Top of Material for the task

Lemma standard_gt0 x : 0 < x -> 0 < f x.
Proof. by case: f_std => f_gt0 _ _ _; apply: f_gt0. Qed.

Lemma standard_inv x : 0 < x -> f x^-1 = f x / x.
Proof.
case: f_std => _ _ _ f_sym x_gt0.
by rewrite [in RHS](f_sym x x_gt0) mulrC mulrA mulVf ?mul1r ?gt_eqF.
Qed.

Lemma standard_div_le x y : 0 < x -> x <= y -> f y / y <= f x / x.
Proof.
move=> x_gt0 xy; have y_gt0 := lt_le_trans x_gt0 xy.
rewrite -!standard_inv //; case: f_std => _ f_om _ _.
by apply: operator_monotone_le; rewrite ?invr_gt0 // lef_pV2.
Qed.

End Standard.

Section MeanComparison.
Variables (f g : R -> R) (c : R).
Hypotheses (f_std : standard f) (g_std : standard g) (c_gt0 : 0 < c).
Hypothesis g_ge : forall x, 0 < x -> c * (x - 1) ^+ 2 / f x <= g x.

(* At [2x] the hypothesis gives [c (2x - 1)^2 <= g(2x) f(2x) <= 4 g(x) f(x)],
   and [c (x - 1/2)^2 > c (x - 1)^2] for [x > 1]. *)
Lemma sq_lt_prod_gt1 x : 1 < x -> c * (x - 1) ^+ 2 < g x * f x.
Proof.
move=> x_gt1; have x_gt0 : 0 < x := lt_trans ltr01 x_gt1.
have x2_gt0 : 0 < 2 * x by rewrite mulr_gt0.
have x_le2x : x <= 2 * x by lra.
have double_le h : standard h -> h (2 * x) <= 2 * h x.
  move=> h_std; have := standard_div_le h_std x_gt0 x_le2x.
  rewrite ler_pdivrMr // => /le_trans; apply.
  by rewrite mulrCA divfK ?gt_eqF.
have := g_ge x2_gt0; rewrite ler_pdivrMr ?(standard_gt0 f_std) // => at_2x.
have prod_2x : g (2 * x) * f (2 * x) <= (2 * g x) * (2 * f x).
  apply: ler_pM; rewrite ?double_le //.
    exact/ltW/(standard_gt0 g_std).
  exact/ltW/(standard_gt0 f_std).
have : 0 < c * (4 * x - 3) by rewrite mulr_gt0 // subr_gt0; lra.
nra.
Qed.

Lemma sq_lt_prod x : 0 < x -> c * (x - 1) ^+ 2 < g x * f x.
Proof.
move=> x_gt0; case: (ltgtP x 1) => [x_lt1|x_gt1|->]; last 1 first.
- by case: f_std => _ _ -> _; case: g_std => _ _ -> _; rewrite subrr expr0n mulr0 mulr1.
- have inv_gt1 : 1 < x^-1 by rewrite invf_gt1.
  have := sq_lt_prod_gt1 inv_gt1; rewrite (standard_inv f_std) ?(standard_inv g_std) //.
  have -> : (x^-1 - 1) ^+ 2 = (x - 1) ^+ 2 / x ^+ 2 by field; rewrite gt_eqF.
  have -> : g x / x * (f x / x) = g x * f x / x ^+ 2 by field; rewrite gt_eqF.
  by rewrite mulrA ltr_pM2r // invr_gt0 exprn_gt0.
- exact: sq_lt_prod_gt1.
Qed.
Lemma rpow_le_base x y z : 0 <= x -> x <= y -> 0 <= z -> rpow x z <= rpow y z.
Proof.
  intros [Hx | <-] Hxy Hz.
  - rewrite !rpow_pos_eq by lra; apply Rle_Rpower_l; lra.
  - rewrite rpow_0_l; apply rpow_ge0.
Qed.

Lemma rpow_weighted_eq t p a e Y r :
  0 < t -> 0 < p -> 0 <= Y ->
  rpow (rpow t a * rpow p e * Y) r / t
  = Rpower t (a * r) * Rpower p (e * r) * (rpow Y r / t).
Proof.
  intros Ht Hp HY.
  rewrite (rpow_pos_eq t), (rpow_pos_eq p), rpow_mult by
    (auto; apply Rmult_lt_0_compat; apply Rpower_pos).
  rewrite <- Rpower_mult_distr, !Rpower_mult by apply Rpower_pos.
  unfold Rdiv; ring.
Qed.

Lemma one_lt_1_minus_ln t : 0 < t < 1 -> 1 < 1 - ln t.
Proof. intros Ht; assert (ln t < ln 1) by (apply ln_increasing; lra); rewrite ln_1 in *; lra. Qed.

Lemma one_minus_ln_le s t : 0 < s -> s <= t -> 1 - ln t <= 1 - ln s.
Proof. intros; assert (ln s <= ln t) by (apply ln_le; lra); lra. Qed.
(** * Riemann integrability of monotone products *)

Definition increasing_nonneg_on (a b : R) (f : R -> R) : Prop :=
  forall s t, a <= s -> s <= t -> t <= b -> 0 <= f s /\ f s <= f t.

Definition decreasing_nonneg_on (a b : R) (f : R -> R) : Prop :=
  forall s t, a <= s -> s <= t -> t <= b -> 0 <= f t /\ f t <= f s.

(* Informative, since Riemann_integrable lives in Type. *)
Definition monotone_nonneg_on (a b : R) (f : R -> R) : Set :=
  {increasing_nonneg_on a b f} + {decreasing_nonneg_on a b f}.

Lemma increasing_nonneg_on_mult a b f g :
  increasing_nonneg_on a b f -> increasing_nonneg_on a b g ->
  increasing_nonneg_on a b (fun t => f t * g t).
Proof.
  intros Hf Hg s t Hs Hst Ht.
  destruct (Hf s t), (Hg s t); auto; split; [nra | apply Rmult_le_compat; lra].
Qed.

Lemma decreasing_nonneg_on_mult a b f g :
  decreasing_nonneg_on a b f -> decreasing_nonneg_on a b g ->
  decreasing_nonneg_on a b (fun t => f t * g t).
Proof.
  intros Hf Hg s t Hs Hst Ht.
  destruct (Hf s t), (Hg s t); auto; split; [nra | apply Rmult_le_compat; lra].
Qed.

Lemma increasing_nonneg_on_1 a b : increasing_nonneg_on a b (fun _ => 1).
Proof. intros s t _ _ _; lra. Qed.

Lemma decreasing_nonneg_on_inv a b : 0 < a -> decreasing_nonneg_on a b Rinv.
Proof.
  intros Ha s t Hs Hst Ht; split.
  - left; apply Rinv_0_lt_compat; lra.
  - apply Rinv_le_contravar; lra.
Qed.

Lemma decreasing_nonneg_on_rpow a b f r :
  0 <= r -> decreasing_nonneg_on a b f ->
  decreasing_nonneg_on a b (fun t => rpow (f t) r).
Proof.
  intros Hr Hf s t Hs Hst Ht; destruct (Hf s t); auto.
  split; [apply rpow_ge0 | apply rpow_le_base; auto].
Qed.

Lemma Rpower_monotone_on a b E : 0 < a -> monotone_nonneg_on a b (fun t => Rpower t E).
Proof.
  intros Ha; destruct (Rle_dec 0 E); [left | right]; intros s t Hs Hst Ht;
    (split; [left; apply Rpower_pos |]).
  - apply Rle_Rpower_l; lra.
  - apply Rpower_le_base_nonpos; lra.
Qed.

Lemma Rpower_1_minus_ln_monotone_on a b F :
  0 < a -> b < 1 -> monotone_nonneg_on a b (fun t => Rpower (1 - ln t) F).
Proof.
  intros Ha Hb; destruct (Rle_dec 0 F); [right | left]; intros s t Hs Hst Ht;
    (split; [left; apply Rpower_pos |]);
    assert (1 < 1 - ln t) by (apply one_lt_1_minus_ln; lra);
    assert (1 - ln t <= 1 - ln s) by (apply one_minus_ln_le; lra).
  - apply Rle_Rpower_l; lra.
  - apply Rpower_le_base_nonpos; lra.
Qed.

Lemma Riemann_integrable_of_step_bounds (f : R -> R) (a b : R) : a <= b ->
  (forall eps, 0 < eps -> exists g1 g2 : StepFun a b,
      (forall t, a <= t <= b -> g1 t <= f t <= g2 t) /\
      RiemannInt_SF g2 - RiemannInt_SF g1 < eps) ->
  Riemann_integrable f a b.
Proof.
  intros Hab H [e He].
  destruct (constructive_indefinite_description _ (H e He)) as [g1 Hg1].
  destruct (constructive_indefinite_description _ Hg1) as [g2 [Hg Hs]].
  exists g1, (mkStepFun (StepFun_P28 (-1) g2 g1)); split.
  - intros t Ht; rewrite Rmin_left, Rmax_right in Ht by lra; simpl.
    destruct (Hg t Ht); rewrite Rabs_right by lra; lra.
  - rewrite StepFun_P30; simpl.
    assert (RiemannInt_SF g1 <= RiemannInt_SF g2).
    { apply StepFun_P37; auto; intros t Ht; destruct (Hg t); lra. }
    rewrite Rabs_right; lra.
Qed.

Lemma IsStepFun_const_open (f : R -> R) (x y c : R) :
  x <= y -> (forall t, x < t < y -> f t = c) -> IsStepFun f x y.
Proof.
  intros Hxy Hc; exists (cons x (cons y nil)), (cons c nil).
  unfold adapted_couple; repeat split.
  - intros i Hi; simpl in Hi; inversion Hi; [simpl; assumption | lia].
  - simpl; unfold Rmin; destruct (Rle_dec x y); [reflexivity | lra].
  - simpl; unfold Rmax; destruct (Rle_dec x y); [reflexivity | lra].
  - intros i Hi t Ht; simpl in Hi; destruct i; [apply Hc; exact Ht | lia].
Qed.

Lemma RiemannInt_SF_const_open (x y c : R) (g : StepFun x y) :
  x <= y -> (forall t, x < t < y -> g t = c) -> RiemannInt_SF g = c * (y - x).
Proof.
  intros Hxy Hc; rewrite <- (StepFun_P18 x y c).
  apply Rle_antisym; apply StepFun_P37; auto; intros t Ht; simpl; unfold fct_cte;
    rewrite Hc; auto; lra.
Qed.

Definition grid_index (a h t : R) : nat := Z.to_nat (Int_part ((t - a) / h)).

Bottom of Material for the task

# Instructions for the task:
Work out how many lines in the records above hold the string "reflexivity", then give only that count.

# Exercise result:
2